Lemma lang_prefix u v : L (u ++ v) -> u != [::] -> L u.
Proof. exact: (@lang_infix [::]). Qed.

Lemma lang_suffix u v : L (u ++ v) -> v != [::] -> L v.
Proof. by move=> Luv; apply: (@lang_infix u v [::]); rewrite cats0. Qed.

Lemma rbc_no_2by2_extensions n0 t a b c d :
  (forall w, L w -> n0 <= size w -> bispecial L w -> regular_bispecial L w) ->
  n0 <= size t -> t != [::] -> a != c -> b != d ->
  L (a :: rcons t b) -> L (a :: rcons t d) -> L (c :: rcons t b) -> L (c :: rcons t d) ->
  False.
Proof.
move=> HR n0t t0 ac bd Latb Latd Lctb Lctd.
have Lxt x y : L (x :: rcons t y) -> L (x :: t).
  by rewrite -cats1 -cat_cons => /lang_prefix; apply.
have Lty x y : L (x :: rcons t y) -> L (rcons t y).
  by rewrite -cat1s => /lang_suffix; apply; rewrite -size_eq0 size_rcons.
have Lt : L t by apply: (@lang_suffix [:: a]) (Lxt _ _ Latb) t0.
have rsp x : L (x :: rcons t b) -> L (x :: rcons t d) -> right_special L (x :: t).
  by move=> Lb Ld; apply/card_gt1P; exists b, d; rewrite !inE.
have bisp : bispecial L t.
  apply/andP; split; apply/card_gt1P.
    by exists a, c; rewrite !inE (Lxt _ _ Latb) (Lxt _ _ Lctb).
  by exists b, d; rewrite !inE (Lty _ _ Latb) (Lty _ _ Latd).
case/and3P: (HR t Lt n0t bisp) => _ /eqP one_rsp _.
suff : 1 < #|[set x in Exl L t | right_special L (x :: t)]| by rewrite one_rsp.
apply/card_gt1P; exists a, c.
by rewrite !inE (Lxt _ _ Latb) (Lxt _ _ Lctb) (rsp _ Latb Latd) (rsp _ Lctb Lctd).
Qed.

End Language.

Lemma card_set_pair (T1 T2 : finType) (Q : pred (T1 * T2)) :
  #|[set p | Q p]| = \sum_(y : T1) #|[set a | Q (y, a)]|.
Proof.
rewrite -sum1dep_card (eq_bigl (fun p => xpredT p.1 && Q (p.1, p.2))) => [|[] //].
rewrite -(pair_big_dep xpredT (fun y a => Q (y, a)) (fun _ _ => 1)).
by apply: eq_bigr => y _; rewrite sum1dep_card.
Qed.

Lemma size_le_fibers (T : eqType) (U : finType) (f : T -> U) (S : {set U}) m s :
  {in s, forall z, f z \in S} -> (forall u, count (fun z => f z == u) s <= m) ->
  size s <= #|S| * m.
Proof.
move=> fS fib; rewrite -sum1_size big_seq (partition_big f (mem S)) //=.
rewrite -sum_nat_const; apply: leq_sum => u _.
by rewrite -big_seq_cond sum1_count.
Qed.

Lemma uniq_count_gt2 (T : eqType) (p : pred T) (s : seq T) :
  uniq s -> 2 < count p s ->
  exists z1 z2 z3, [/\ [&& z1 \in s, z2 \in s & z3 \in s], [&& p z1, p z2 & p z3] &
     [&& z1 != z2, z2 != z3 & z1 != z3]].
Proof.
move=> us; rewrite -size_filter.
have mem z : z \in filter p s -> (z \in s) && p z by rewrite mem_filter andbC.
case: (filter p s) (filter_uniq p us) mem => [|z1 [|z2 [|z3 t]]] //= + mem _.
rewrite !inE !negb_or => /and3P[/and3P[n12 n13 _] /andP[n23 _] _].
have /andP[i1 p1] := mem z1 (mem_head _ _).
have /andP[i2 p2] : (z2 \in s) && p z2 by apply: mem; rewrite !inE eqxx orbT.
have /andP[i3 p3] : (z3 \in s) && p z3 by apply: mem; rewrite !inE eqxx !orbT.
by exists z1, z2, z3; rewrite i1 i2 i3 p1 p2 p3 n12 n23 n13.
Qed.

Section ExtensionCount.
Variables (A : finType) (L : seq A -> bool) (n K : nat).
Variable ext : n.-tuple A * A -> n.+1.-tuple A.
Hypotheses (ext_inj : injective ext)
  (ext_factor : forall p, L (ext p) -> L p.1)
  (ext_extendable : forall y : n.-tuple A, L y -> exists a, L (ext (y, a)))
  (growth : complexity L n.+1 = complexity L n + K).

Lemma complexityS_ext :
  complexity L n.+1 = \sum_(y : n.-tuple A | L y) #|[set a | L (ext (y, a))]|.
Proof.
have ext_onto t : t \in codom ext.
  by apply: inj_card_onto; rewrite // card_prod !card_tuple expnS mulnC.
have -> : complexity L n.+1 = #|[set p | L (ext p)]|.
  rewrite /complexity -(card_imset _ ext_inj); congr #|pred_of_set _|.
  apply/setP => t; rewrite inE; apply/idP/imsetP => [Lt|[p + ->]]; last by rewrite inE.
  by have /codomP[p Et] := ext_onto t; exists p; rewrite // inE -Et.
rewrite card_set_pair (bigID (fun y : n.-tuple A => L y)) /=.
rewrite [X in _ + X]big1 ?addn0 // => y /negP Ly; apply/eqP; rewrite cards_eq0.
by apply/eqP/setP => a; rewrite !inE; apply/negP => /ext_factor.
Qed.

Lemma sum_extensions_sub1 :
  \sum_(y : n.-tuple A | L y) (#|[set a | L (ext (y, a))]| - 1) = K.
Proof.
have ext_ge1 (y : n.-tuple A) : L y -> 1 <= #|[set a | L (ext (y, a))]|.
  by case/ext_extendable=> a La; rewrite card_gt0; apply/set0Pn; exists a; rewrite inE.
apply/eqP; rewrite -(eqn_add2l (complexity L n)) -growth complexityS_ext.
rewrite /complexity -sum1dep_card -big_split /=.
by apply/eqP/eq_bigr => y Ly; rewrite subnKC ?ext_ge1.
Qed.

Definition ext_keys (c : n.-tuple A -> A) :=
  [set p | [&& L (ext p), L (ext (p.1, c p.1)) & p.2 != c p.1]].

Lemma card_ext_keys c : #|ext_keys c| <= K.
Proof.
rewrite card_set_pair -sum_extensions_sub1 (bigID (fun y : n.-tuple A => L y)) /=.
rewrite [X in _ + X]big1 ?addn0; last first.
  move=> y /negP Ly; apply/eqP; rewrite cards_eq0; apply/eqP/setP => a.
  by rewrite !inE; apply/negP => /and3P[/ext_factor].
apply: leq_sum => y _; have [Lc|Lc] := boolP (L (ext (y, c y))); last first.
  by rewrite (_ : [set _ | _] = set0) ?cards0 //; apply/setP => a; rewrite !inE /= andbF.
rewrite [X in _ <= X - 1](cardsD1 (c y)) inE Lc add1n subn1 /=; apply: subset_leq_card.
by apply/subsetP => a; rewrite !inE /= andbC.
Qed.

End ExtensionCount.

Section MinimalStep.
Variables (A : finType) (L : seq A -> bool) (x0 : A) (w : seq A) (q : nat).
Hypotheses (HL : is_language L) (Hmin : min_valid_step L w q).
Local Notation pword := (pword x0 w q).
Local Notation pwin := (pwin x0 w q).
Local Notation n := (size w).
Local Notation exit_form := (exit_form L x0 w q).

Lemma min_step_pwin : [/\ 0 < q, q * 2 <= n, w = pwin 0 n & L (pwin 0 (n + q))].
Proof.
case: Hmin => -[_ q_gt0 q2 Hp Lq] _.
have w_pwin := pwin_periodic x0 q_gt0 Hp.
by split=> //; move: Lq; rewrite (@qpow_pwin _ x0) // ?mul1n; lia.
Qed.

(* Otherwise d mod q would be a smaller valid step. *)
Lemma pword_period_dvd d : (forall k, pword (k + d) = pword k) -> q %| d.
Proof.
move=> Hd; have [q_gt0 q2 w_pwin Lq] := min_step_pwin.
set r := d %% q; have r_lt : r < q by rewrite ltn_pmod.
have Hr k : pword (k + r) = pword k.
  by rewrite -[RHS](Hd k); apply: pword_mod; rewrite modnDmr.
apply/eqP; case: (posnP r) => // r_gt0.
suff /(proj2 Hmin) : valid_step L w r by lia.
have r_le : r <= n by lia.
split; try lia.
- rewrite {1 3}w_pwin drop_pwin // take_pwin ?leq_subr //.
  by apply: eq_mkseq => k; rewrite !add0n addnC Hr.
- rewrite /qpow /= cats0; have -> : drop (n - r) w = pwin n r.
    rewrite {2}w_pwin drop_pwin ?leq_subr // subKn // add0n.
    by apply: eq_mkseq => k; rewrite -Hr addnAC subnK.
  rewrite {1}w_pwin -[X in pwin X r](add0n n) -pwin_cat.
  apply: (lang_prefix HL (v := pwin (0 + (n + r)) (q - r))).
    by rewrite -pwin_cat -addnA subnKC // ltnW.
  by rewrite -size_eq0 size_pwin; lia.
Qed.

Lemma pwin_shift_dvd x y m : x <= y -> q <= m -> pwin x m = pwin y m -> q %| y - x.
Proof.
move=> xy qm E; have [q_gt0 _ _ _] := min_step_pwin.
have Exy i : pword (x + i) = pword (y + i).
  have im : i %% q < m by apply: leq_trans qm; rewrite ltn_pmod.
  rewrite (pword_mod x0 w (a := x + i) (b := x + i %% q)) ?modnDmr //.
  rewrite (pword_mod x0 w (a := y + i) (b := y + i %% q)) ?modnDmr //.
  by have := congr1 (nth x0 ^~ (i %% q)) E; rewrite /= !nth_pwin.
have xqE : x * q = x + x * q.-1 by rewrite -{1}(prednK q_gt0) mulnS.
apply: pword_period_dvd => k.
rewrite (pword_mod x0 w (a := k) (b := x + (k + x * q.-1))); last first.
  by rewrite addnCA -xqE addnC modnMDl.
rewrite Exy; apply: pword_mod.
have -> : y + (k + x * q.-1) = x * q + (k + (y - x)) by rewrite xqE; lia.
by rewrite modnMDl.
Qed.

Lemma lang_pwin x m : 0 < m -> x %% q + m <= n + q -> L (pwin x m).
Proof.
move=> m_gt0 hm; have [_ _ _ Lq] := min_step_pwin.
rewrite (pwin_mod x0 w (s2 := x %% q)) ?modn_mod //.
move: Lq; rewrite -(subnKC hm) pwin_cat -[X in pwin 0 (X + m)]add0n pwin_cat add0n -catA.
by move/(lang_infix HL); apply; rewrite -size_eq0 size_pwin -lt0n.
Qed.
------------------------
Restate word for word the lines in the material above from the one with "by apply: eq_bigr" to the one with "exists z1 z2"; both of those lines count, and nothing else does.

by apply: eq_bigr => y _; rewrite sum1dep_card.
Qed.

Lemma size_le_fibers (T : eqType) (U : finType) (f : T -> U) (S : {set U}) m s :
  {in s, forall z, f z \in S} -> (forall u, count (fun z => f z == u) s <= m) ->
  size s <= #|S| * m.
Proof.
move=> fS fib; rewrite -sum1_size big_seq (partition_big f (mem S)) //=.
rewrite -sum_nat_const; apply: leq_sum => u _.
by rewrite -big_seq_cond sum1_count.
Qed.

Lemma uniq_count_gt2 (T : eqType) (p : pred T) (s : seq T) :
  uniq s -> 2 < count p s ->
  exists z1 z2 z3, [/\ [&& z1 \in s, z2 \in s & z3 \in s], [&& p z1, p z2 & p z3] &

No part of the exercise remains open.